This repository contains the skeleton to write high level motion planning code for the 2023 Montreal Robotics Summer School (MRSS).
This code should be used as a package in a TagSLAM MRSS workspace. For MRSS, we will provide desktops where TagSLAM is already installed. You can also install the TagSLAM MRSS stuff on your own machine.
First make sure to fork this repository and RENAME IT to some $TEAM_NAME
.
Now clone your package in tagslam_root:
cd ~/tagslam_root/src
git clone $YOUR_FORK_URL
Your first commit should be to replace all instances of mrss_motion
with $TEAM_NAME
in the following files:
tagslam_root/src/$TEAM_NAME/package.xml
tagslam_root/src/$TEAM_NAME/CMakeLists.txt
tagslam_root/src/$TEAM_NAME/src/launch/motion_planning.launch
Once this is done, build your package
cd ~/tagslam_root
catkin_make
In any terminal where you need to use your motion planning package, you should run
source ~/tagslam_root/devel/setup.bash
Now make sure that the main TagSLAM MRSS launch file is running in another terminal:
roslaunch tagslam mrss_laptop.launch rviz:=1
Then you can launch motion planning with
roslaunch $TEAM_NAME motion_planning.launch twist:=0 rl_policy:=0
Setting twist:=1
will launch the Unitree controller. The controller will listen to the cmd_vel
topic and track
the velocities published by the planner node.
Setting rl_policy:=1
will launch an RL controller. Make sure to update your policy path in tagslam_root/src/$TEAM_NAME/nodes/rl_policy.py
.
Do not use both twist and rl_policy at the same time.

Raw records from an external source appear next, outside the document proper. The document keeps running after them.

(* Let $\beta$ be a nonzero real number and let $T_\beta\colon\mathbb{R}[x]\to\mathbb{R}[x]$ be the linear operator defined by $T_\beta[x^n]=H_n(\tfrac{\beta}{2}x)$ for all $n\ge0$. Then $$T_\beta=\sum_{n=0}^{\infty}H_n\!\left(\tfrac{\beta-1}{2}x\right)\frac{D^n}{n!},$$ i.e. the coefficient polynomials of $T_\beta$ are $Q_n(x)=H_n(\tfrac{\beta-1}{2}x)$. In particular, the coefficient polynomials of the transformation $x^n\mapsto H_n(x)$ have real interlacing roots.
   Context: $H_n$ denotes the $n$th physicist Hermite polynomial, $H_n(x)=n!\sum_{m=0}^{\lfloor n/2\rfloor}\frac{(-1)^m}{m!(n-2m)!}(2x)^{n-2m}$. $D=d/dx$. Every linear operator $T\colon\mathbb{C}[x]\to\mathbb{C}[x]$ has a unique representation $T=\sum_{k=0}^\infty \frac{Q_k(x)}{k!}D^k$ with polynomials $Q_k(x)$ (the coefficient polynomials of $T$), where the sum acts finitely on each polynomial. *)

From HB Require Import structures.
From mathcomp Require Import all_boot all_order all_algebra.
From mathcomp Require Export reals.
Set Implicit Arguments. Unset Strict Implicit. Unset Printing Implicit Defensive.
Import Order.TTheory GRing.Theory Num.Theory.
Local Open Scope ring_scope.

Definition hermite (R : fieldType) (n : nat) : {poly R} :=
  \sum_(m < n./2.+1)
     (((-1) ^+ m * (n`!)%:R / ((m`!)%:R * ((n - 2 * m)`!)%:R)) *: ('X *+ 2) ^+ (n - 2 * m)).

Definition hermite_scaled (R : fieldType) (c : R) (n : nat) : {poly R} :=
  hermite R n \Po (c *: 'X).

Definition Tbeta (R : fieldType) (beta : R) (p : {poly R}) : {poly R} :=
  \sum_(i < size p) p`_i *: hermite_scaled (beta / 2) i.

(* p and q have only real, simple roots, deg q = deg p + 1, and the roots
   s_0 < ... < s_n of q and r_0 < ... < r_{n-1} of p strictly interlace:
   s_0 < r_0 < s_1 < r_1 < ... < r_{n-1} < s_n. *)
Definition real_interlacing (R : realDomainType) (p q : {poly R}) : Prop :=
  exists (r s : seq R),
    [/\ p != 0, q != 0, (size p).-1 = size r, (size q).-1 = size s
      & [/\ size s = (size r).+1, all (root p) r, all (root q) s
          & forall i, (i < size r)%N -> s`_i < r`_i < s`_i.+1]].

From HB Require Import structures.
From mathcomp Require Import all_boot all_order all_algebra.
From mathcomp Require Import reals.
From mathcomp Require Import zify ring lra polyrcf.
Import Order.TTheory GRing.Theory Num.Theory.
Local Open Scope ring_scope.

(* Taylor expansion gives the addition theorem
   H_k(x + y) = sum_i C(k, i) H_(k-i)(x) (2y)^i; with c = (beta - 1)/2 and
   y = x/2 it reads T_beta[x^k] = H_k((c + 1/2) x) = sum_n H_n(c x) D^n x^k / n!,
   and linearity gives the operator identity.
   For beta = 2 the polynomials P_n = H_n(x/2) are monic and satisfy
   P_(n+2) = x P_(n+1) - 2(n+1) P_n.  For any such three-term recurrence with
   positive coefficients, P_(n+2) equals -b_n P_n at the roots of P_(n+1), so it
   alternates in sign there; the intermediate value theorem then places one root
   of P_(n+2) in each of the n+2 gaps, and interlacing follows by induction. *)

Section Hermite.
Variable R : numFieldType.

Definition hermite_coef (n k : nat) : R :=
  if (k <= n)%N && ~~ odd (n - k) then
    (-1) ^+ (n - k)./2 * (n`!)%:R / ((((n - k)./2)`!)%:R * (k`!)%:R) * 2 ^+ k
  else 0.

Lemma coef_hermite n k : (hermite R n)`_k = hermite_coef n k.
Proof.
have index_eq m : (m <= n./2)%N ->
    (k == n - 2 * m)%N = [&& (k <= n)%N, ~~ odd (n - k) & m == (n - k)./2].
  move=> lemn; apply/idP/and3P => [/eqP ->|[? ? /eqP ->]]; first by split; lia.
  by apply/eqP; lia.
rewrite /hermite coef_sum.
under eq_bigr => m _ do
  rewrite coefZ exprMn_n coefMn coefXn (index_eq _ (ltn_ord m)).
rewrite /hermite_coef; case: ifP => [/andP[le_kn even_nk]|odd_nk]; last first.
  by rewrite big1 // => m _; rewrite andbA odd_nk /= mul0rn mulr0.
have lt_m0 : ((n - k)./2 < n./2.+1)%N by lia.
rewrite (bigD1 (Ordinal lt_m0)) //= big1 ?addr0 => [|m /eqP neq_m].
  rewrite le_kn even_nk eqxx mulr1n natrX.
  by have -> : (n - 2 * (n - k)./2 = k)%N by lia.
have /negbTE -> : (m != (n - k)./2 :> nat).
  by apply/eqP => eq_m; apply: neq_m; apply: val_inj.
by rewrite le_kn even_nk /= mul0rn mulr0.
Qed.

Lemma hermite_coef_even n k m : n = (k + 2 * m)%N ->
  hermite_coef n k = (-1) ^+ m * (n`!)%:R / ((m`!)%:R * (k`!)%:R) * 2 ^+ k.
Proof.
move=> En; rewrite /hermite_coef.
have -> : ((k <= n)%N && ~~ odd (n - k)) = true by apply/andP; split; lia.
by have -> : ((n - k)./2 = m)%N by lia.
Qed.

Lemma hermite_coef_odd n k m : n = (k + 2 * m).+1 -> hermite_coef n k = 0.
Proof.
move=> En; rewrite /hermite_coef.
by have -> : ((k <= n)%N && ~~ odd (n - k)) = false by apply/negbTE/nandP; lia.
Qed.

Lemma hermite_coef_small n k : (n < k)%N -> hermite_coef n k = 0.
Proof.
move=> lt_nk; rewrite /hermite_coef.
by have -> : ((k <= n)%N && ~~ odd (n - k)) = false by apply/negbTE/nandP; lia.
Qed.

Lemma leq_parity_cases n k :
  [\/ (n < k)%N, exists m, n = (k + 2 * m)%N | exists m, n = (k + 2 * m).+1].
Proof.
have [lt_nk | le_kn] := ltnP n k; first exact: Or31.
by case: (boolP (odd (n - k))) => parity; [apply: Or33 | apply: Or32];
  exists (n - k)./2; lia.
Qed.

Lemma natf_fact_neq0 n : (n`!)%:R != 0 :> R.
Proof. by rewrite pnatr_eq0 -lt0n fact_gt0. Qed.

Lemma natf_bin n k : (k <= n)%N ->
  ('C(n, k))%:R = (n`!)%:R / ((k`!)%:R * ((n - k)`!)%:R) :> R.
Proof.
move=> le_kn; rewrite -(bin_fact le_kn) !natrM mulfK //.
by rewrite mulf_neq0 // natf_fact_neq0.
Qed.

Lemma hermite_coef_rec n k :
  hermite_coef n.+1 k.+1 = 2 * hermite_coef n k - (k.+2)%:R * hermite_coef n k.+2.
Proof.
have fact_neq0 := natf_fact_neq0.
case: (leq_parity_cases n k) => [lt_nk | [m En] | [m En]].
- by rewrite !hermite_coef_small ?mulr0 ?subr0 //; lia.
- rewrite (hermite_coef_even _ _ m) ?(hermite_coef_even n k m); try lia.
  case: m En => [|m] En.
    rewrite (hermite_coef_small n) ?mulr0 ?subr0; last lia.
    subst n; rewrite muln0 addn0 !factS fact0 exprS !natrM; field.
    by rewrite fact_neq0 nat1r pnatr_eq0.
  rewrite (hermite_coef_even n k.+2 m); last lia.
  subst n; rewrite !factS !natrM -!natr1 natrD natrM -natr1 !exprS; field.
  by rewrite !fact_neq0 !natr1 !pnatr_eq0.
- rewrite (hermite_coef_odd _ _ m) ?(hermite_coef_odd n k m); try lia.
  case: m En => [|m] En.
    by rewrite hermite_coef_small ?mulr0 ?subrr //; lia.
  by rewrite (hermite_coef_odd n k.+2 m) ?mulr0 ?subrr //; lia.
Qed.

Lemma hermite_coef_rec0 n : hermite_coef n.+1 0 = - hermite_coef n 1.
Proof.
have fact_neq0 := natf_fact_neq0.
case: (leq_parity_cases n 0) => [// | [m En] | [m En]].
- case: m En => [|m] En.
    by rewrite En (hermite_coef_odd _ _ 0) ?hermite_coef_small ?oppr0.
  rewrite (hermite_coef_odd n.+1 0 m.+1) ?(hermite_coef_odd n 1 m) ?oppr0 //; lia.
- rewrite (hermite_coef_even n.+1 0 m.+1) ?(hermite_coef_even n 1 m); try lia.
  subst n; rewrite !factS fact0 !natrM -!natr1 natrD natrM !exprS; field.
  by rewrite !fact_neq0 !natr1 !pnatr_eq0.
Qed.

Lemma size_hermite_leq n : (size (hermite R n) <= n.+1)%N.
Proof. by apply/leq_sizeP => j lt_nj; rewrite coef_hermite hermite_coef_small. Qed.

Lemma hermite0 : hermite R 0 = 1.
Proof.
apply/polyP => k; rewrite coef_hermite coefC.
case: k => [|k]; last by rewrite hermite_coef_small.
by rewrite (hermite_coef_even _ _ 0) // !mul1r invr1 mulr1.
Qed.

Lemma hermite_rec n : hermite R n.+1 = 2 *: ('X * hermite R n) - (hermite R n)^`().
Proof.
apply/polyP => k; rewrite coefB coefZ coefXM coef_deriv !coef_hermite.
case: k => [|k]; first by rewrite mulr0 sub0r -mulr_natr mulr1 hermite_coef_rec0.
by rewrite /= hermite_coef_rec !mulr_natl.
Qed.

Lemma hermite_nderiv n i :
  (hermite R n)^`N(i) = ('C(n, i)%:R * 2 ^+ i) *: hermite R (n - i).
Proof.
have fact_neq0 := natf_fact_neq0.
apply/polyP => j; rewrite coef_nderivn coefZ !coef_hermite -[in LHS]mulr_natr.
case: (leq_parity_cases n (i + j)) => [lt_n | [m En] | [m En]].
- rewrite hermite_coef_small // mul0r; case: (leqP i n) => le_in.
    by rewrite hermite_coef_small ?mulr0 //; lia.
  by rewrite bin_small // !mul0r.
- rewrite (hermite_coef_even _ _ _ En) (hermite_coef_even (n - i) j m); last lia.
  have le_in : (i <= n)%N by lia.
  rewrite !natf_bin ?leq_addr // addKn exprD; field.
  by rewrite !fact_neq0.
- rewrite (hermite_coef_odd _ _ _ En) (hermite_coef_odd (n - i) j m) ?mul0r ?mulr0 //.
  lia.
Qed.

Lemma hermite_deriv n : (hermite R n.+1)^`() = (2 * n.+1%:R) *: hermite R n.
Proof. by rewrite -nderivn1 hermite_nderiv bin1 subn1 expr1 mulrC. Qed.

Lemma hermite_comp_scaleD k (a b : R) :
  hermite R k \Po ((a + b) *: 'X) =
  \sum_(i < k.+1) ('C(k, i)%:R * (2 * b) ^+ i) *:
     ((hermite R (k - i) \Po (a *: 'X)) * 'X^i).
Proof.
rewrite {1}/comp_poly scalerDl.
rewrite (@nderiv_taylor_wide _ k.+1 _ (a *: 'X) (b *: 'X)); first last.
- by rewrite size_map_polyC size_hermite_leq.
- exact: mulrC.
apply: eq_bigr => i _.
rewrite nderivn_map -/(comp_poly (a *: 'X) _) hermite_nderiv comp_polyZ.
by rewrite exprZn exprMn -scalerAr -scalerAl scalerA; congr (_ *: _); ring.
Qed.

Lemma hermite_scaled_addr_half (c : R) k :
  hermite_scaled (c + 2^-1) k =
  \sum_(i < k.+1) 'C(k, i)%:R *: (hermite_scaled c i * 'X^(k - i)).
Proof.
rewrite /hermite_scaled hermite_comp_scaleD (reindex_inj rev_ord_inj) /=.
apply: eq_bigr => i _.
have le_ik : (i <= k)%N by rewrite -ltnS.
by rewrite subSS (subKn le_ik) bin_sub // divff ?expr1n ?mulr1 ?pnatr_eq0.
Qed.

Lemma hermite_scaled_rec (c : R) n :
  hermite_scaled c n.+2 =
  (2 * c) *: ('X * hermite_scaled c n.+1) - (2 * n.+1%:R) *: hermite_scaled c n.
Proof.
rewrite /hermite_scaled hermite_rec hermite_deriv comp_polyB !comp_polyZ comp_polyM.
by rewrite comp_polyX -scalerAl scalerA.
Qed.

End Hermite.

Lemma derivn_poly_def (R : nzRingType) (p : {poly R}) n :
  p^`(n) = \sum_(k < size p) (p`_k * (k ^_ n)%:R) *: 'X^(k - n).
Proof.
rewrite -{1}[p]coefK poly_def linear_sum /=.
by apply: eq_bigr => k _; rewrite derivnZ derivnXn -scaler_nat scalerA.
Qed.

Lemma Tbeta_expansion (R : numFieldType) (beta : R) (p : {poly R}) :
  Tbeta beta p =
  \sum_(n < size p) (n`!%:R)^-1 *: (hermite_scaled ((beta - 1) / 2) n * p^`(n)).
Proof.
set c := (beta - 1) / 2.
rewrite /Tbeta (_ : beta / 2 = c + 2^-1); last by rewrite /c; field.
under eq_bigr => k _ do rewrite hermite_scaled_addr_half.
under [RHS]eq_bigr => n _ do rewrite derivn_poly_def mulr_sumr scaler_sumr.
rewrite exchange_big /=; apply: eq_bigr => k _.
rewrite scaler_sumr (big_ord_widen (size p)
  (fun i => p`_k *: ('C(k, i)%:R *: (hermite_scaled c i * 'X^(k - i)))) (ltn_ord k)).
rewrite big_mkcond /=.
apply: eq_bigr => n _; case: ltnP => [le_nk | lt_kn]; last first.
  by rewrite ffact_small // mulr0 scale0r mulr0 scaler0.
rewrite -scalerAr !scalerA -bin_ffact natrM; congr (_ *: _).
by field; rewrite natf_fact_neq0.
Qed.

Lemma exists_seq_nth [T : Type] (x0 : T) (Q : nat -> T -> Prop) N :
  (forall i, (i < N)%N -> exists x, Q i x) ->
  exists2 s : seq T, size s = N & forall i, (i < N)%N -> Q i (nth x0 s i).
Proof.
elim: N => [|N IH] exQ; first by exists [::].
have [s size_s Qs] := IH (fun i lt_iN => exQ i (ltnW lt_iN)).
have [x Qx] := exQ N (ltnSn N).
exists (rcons s x) => [|i lt_iN1]; first by rewrite size_rcons size_s.
rewrite nth_rcons size_s.
case: (ltngtP i N) => [lt_iN | lt_Ni | ->]; [exact: Qs | lia | exact: Qx].
Qed.

Section RealRoots.
Variable R : rcfType.
Implicit Types (p : {poly R}) (x : R) (t : seq R).
(* Let $C_{TS}>0$ be a fixed absolute constant and, for a problem instance, let $N_{TS}=C_{TS}\,\varepsilon_{TS}^{-2}\log(\delta_{TS}^{-1})$ where $\varepsilon_{TS}=\min_{i,j\in[K]}\mathbb E[(\mu_i-\mu_j)_+]$ and $\delta_{TS}=\min_{i\in[K]}\Pr[A^*=i]$. Let $\mathcal C$ be a fixed finite collection of priors on $[0,1]$ such that every problem instance (with any number of arms) whose priors all belong to $\mathcal C$ satisfies pairwise non-dominance. Then there is a constant $c_{\mathcal C}$ depending only on $\mathcal C$ (and $C_{TS}$) such that for every $K$ and every $K$-armed problem instance with all priors $\mathcal P_i\in\mathcal C$, $N_{TS}\leq c_{\mathcal C}\,K$.
   Context: A problem instance consists of $K$ arms with mean rewards $\mu_1,\dots,\mu_K\in[0,1]$ drawn independently, $\mu_i\sim\mathcal P_i$. $A^*=\min(\arg\max_j\mu_j)$. $(x)_+=\max(x,0)$. Pairwise non-dominance: for all arms $i\neq j$, $\Pr[\mu_j<\mathbb E[\mu_i]]>0$. *)

From HB Require Import structures.
From mathcomp Require Import all_boot all_order all_algebra.
From mathcomp Require Import all_classical all_reals all_analysis.
Set Implicit Arguments. Unset Strict Implicit. Unset Printing Implicit Defensive.
Import Order.TTheory GRing.Theory Num.Theory.
Local Open Scope classical_set_scope.
Local Open Scope ring_scope.

Section Defs.
Variable R : realType.

Definition prior_on_01 (p : probability R R) : Prop := p `[0%R, 1%R]%classic = 1%E.

Definition prior_mean (p : probability R R) : \bar R := (\int[p]_x (x%:E))%E.

Definition pairwise_nondominance (K : nat) (p : 'I_K -> probability R R) : Prop :=
  forall i j : 'I_K, i != j -> (0 < p j [set x | (x%:E < prior_mean (p i))%E])%E.

Definition mutually_independent d (T : measurableType d) (P : probability T R)
  (K : nat) (mu : 'I_K -> T -> R) : Prop :=
  forall A : 'I_K -> set R, (forall i, measurable (A i)) ->
    P [set t | forall i, A i (mu i t)] = (\prod_(i < K) P (mu i @^-1` A i))%E.

Definition has_law d (T : measurableType d) (P : probability T R)
  (X : T -> R) (q : probability R R) : Prop :=
  forall A : set R, measurable A -> P (X @^-1` A) = q A.

(* i = A^* = min (argmax_j v j). *)
Definition is_Astar (K : nat) (v : 'I_K -> R) (i : 'I_K) : Prop :=
  (forall j, v j <= v i) /\ (forall j : 'I_K, (j < i)%N -> v j < v i).

Definition eps_TS d (T : measurableType d) (P : probability T R)
  (K : nat) (mu : 'I_K -> T -> R) : R :=
  fine (\big[Order.min/+oo%E]_(i < K) \big[Order.min/+oo%E]_(j < K | j != i)
          (\int[P]_t ((Num.max (mu i t - mu j t) 0)%:E))%E).

Definition delta_TS d (T : measurableType d) (P : probability T R)
  (K : nat) (mu : 'I_K -> T -> R) : R :=
  fine (\big[Order.min/+oo%E]_(i < K) P [set t | is_Astar (fun j => mu j t) i]).

Definition N_TS (C_TS : R) d (T : measurableType d) (P : probability T R)
  (K : nat) (mu : 'I_K -> T -> R) : R :=
  C_TS * (eps_TS P mu) ^- 2 * ln ((delta_TS P mu)^-1).

End Defs.

(* Applying non-dominance to the two-arm instance (p, p'), every prior p' of C
   charges (-oo, E p); by finiteness of C there are levels r_p < t_p such that
   p charges [t_p, +oo) and every prior of C charges (-oo, r_p].  Let g > 0 be
   the least gap t_p - r_p and gamma > 0 the least of these masses.  For
   independent arms, the event {mu_i >= t, mu_j <= r} has probability at least
   gamma^2 and forces (mu_i - mu_j)_+ >= g, so eps_TS >= g gamma^2; the event
   {mu_i >= t, mu_j <= r for all j <> i} forces A^* = i and has probability at
   least gamma^K, so log(1/delta_TS) <= K log(1/gamma).  Hence
   N_TS <= C_TS (g gamma^2)^-2 log(1/gamma) K. *)

From HB Require Import structures.
From mathcomp Require Import all_boot all_order all_algebra.
From mathcomp Require Import all_classical all_reals all_analysis.
From mathcomp Require Import measurable_realfun lra.
Import Order.TTheory GRing.Theory Num.Theory.
Local Open Scope classical_set_scope.
Local Open Scope ring_scope.

Set Implicit Arguments.
Unset Strict Implicit.
Unset Printing Implicit Defensive.

Lemma expe_le_prode (R : realType) (I : finType) (F : I -> \bar R) (c : R) :
  0 <= c -> (forall i, c%:E <= F i)%E -> ((c ^+ #|I|)%:E <= \prod_i F i)%E.
Proof.
move=> c_ge0 cF; rewrite -prodr_const.
suff [] : 0 <= \prod_(i : I) c /\ ((\prod_(i : I) c)%:E <= \prod_i F i)%E by [].
apply: (big_ind2 (fun a b => 0 <= a /\ (a%:E <= b)%E)) => //.
move=> a1 a2 b1 b2 [a1_ge0 ab1] [a2_ge0 ab2].
by split; [exact: mulr_ge0 | rewrite EFinM; exact: lee_pmul].
Qed.

Lemma fine_between (R : numDomainType) (a b : R) (x : \bar R) :
  (a%:E <= x)%E -> (x <= b%:E)%E -> a <= fine x <= b.
Proof. by case: x => [x| |] //=; rewrite !lee_fin => -> ->. Qed.

Lemma lnV_le_mul_lnV (R : realType) (a b : R) (K : nat) :
  0 < a -> a ^+ K <= b -> ln b^-1 <= ln a^-1 * K%:R.
Proof.
move=> a_gt0 aKb; have b_gt0 : 0 < b by rewrite (lt_le_trans _ aKb) ?exprn_gt0.
rewrite mulr_natr -lnXn ?invr_gt0 // exprVn.
by rewrite ler_ln ?posrE ?invr_gt0 ?exprn_gt0 // lef_pV2 ?posrE ?exprn_gt0.
Qed.

Lemma exists_gt0_lower_bound (R : realFieldType) (I : finType) (f : I -> R) :
  (forall i, 0 < f i) -> exists2 c, 0 < c & forall i, c <= f i.
Proof.
move=> f_gt0; exists (\big[Num.min/1]_i f i); last by move=> i; exact: bigmin_le.
by apply: lt_bigmin => // i _; exact: f_gt0.
Qed.

Lemma exists_lt_measure_itvNyc_gt0 (R : realType) (mu : {measure set R -> \bar R})
    (m : R) :
  (0 < mu `]-oo, m[%classic)%E ->
  exists2 r, r < m & (0 < mu `]-oo, r]%classic)%E.
Proof.
move=> mu_gt0; apply: contrapT => /forall2NP null_below.
have mu0 r : r < m -> mu `]-oo, r]%classic = 0%E.
  move=> rm; apply/eqP; rewrite eq_le measure_ge0 andbT leNgt.
  by apply/negP => mu_r; case: (null_below r) => H; apply: H.
suff : (mu `]-oo, m[%classic <= \sum_(0 <= k <oo) mu `]-oo, (m - k.+1%:R^-1)%R]%classic)%E.
  rewrite eseries0 => [|k _ _]; first by rewrite leNgt mu_gt0.
  by apply: mu0; rewrite ltrBlDr ltrDl invr_gt0 ltr0Sn.
apply: measure_sigma_subadditive => // x /=; rewrite in_itv /= => xm.
have [k xk] := ltr_add_invr xm.
by exists k => //=; rewrite in_itv /= lerBrDr ltW.
Qed.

The launch file spins up 3 ROS nodes:
- The map_broadcaster node. FIX ME!
- The planner node. FIX ME!
- The goal_broadcaster node.
At first, we will aim to:
- Finish the implementation of the map_broadcaster node.
- Add basic goal reaching capabilities to the planner node.
Following the appropriate lecture, we will attempt to add obstacle avoidance capabilities to the planner node following a lecture on planning and motion planning.
All relevant source code is under tagslam_root/src/$TEAM_NAME/src/nodes
.
TagSLAM estimates and publishes all sorts of transforms to the tf
topic. The map_broadcaster node should read relevant transforms (e.g., the goal, obstacles) and save them to a Python Dict.
The Dict is then
serialized and streamed to a UDP port and to the /map
ROS topic. RL stuff will likely use the UDP port while
the planner will rely on the /map
topic.
The map_broadcaster currently publishes a single dummy transform. Add more transforms! You may want to have a look at the tf documentation.
Here are some useful commands. This one allows to visualize the transform tree and undertand the objects you can query.
You can safely igonore the camera_link
and uodom
trees, as well as the trunk
subtree:
rosrun rqt_tf_tree rqt_tf_tree
You want to print out the /map
topic
rostopic echo /map
This node should read the map from the /map
topic, run some planning computations and publish twist commands (linear and angular velocities) to the /cmd_vel
topic.
You should begin by understanding how to move the robot around. You may try
- Moving the robot forward;
- Having the robot rotate in place;
- Having the robot walk in a circle.
Following this, you should start using the map
to move the robot the the goal
pose.
Please always run low velocities when first testing your code (e.g, 0.15). The robot does not need to sprint!
If you need to visualize your twist commmands, this command may be useful
rostopic echo /cmd_vel
Currently, the goal position can be set in front of any one of the "boards" (the tiles or posters with 4 static april tags).
By default, the goal will be board1
. A parameter controls the goal object and can be changed with
rosparam set /mrss_motion/goal_object board0
rosparam set /mrss_motion/goal_object board1
rosparam set /mrss_motion/goal_object board2
rosparam set /mrss_motion/goal_object board3
This node should work out of the box.
If you have ROS on your computer, the main TagSLAM MRSS README contains instructions to playback all topics. This will allow you to work on your code even if you do not currently have access to the robot.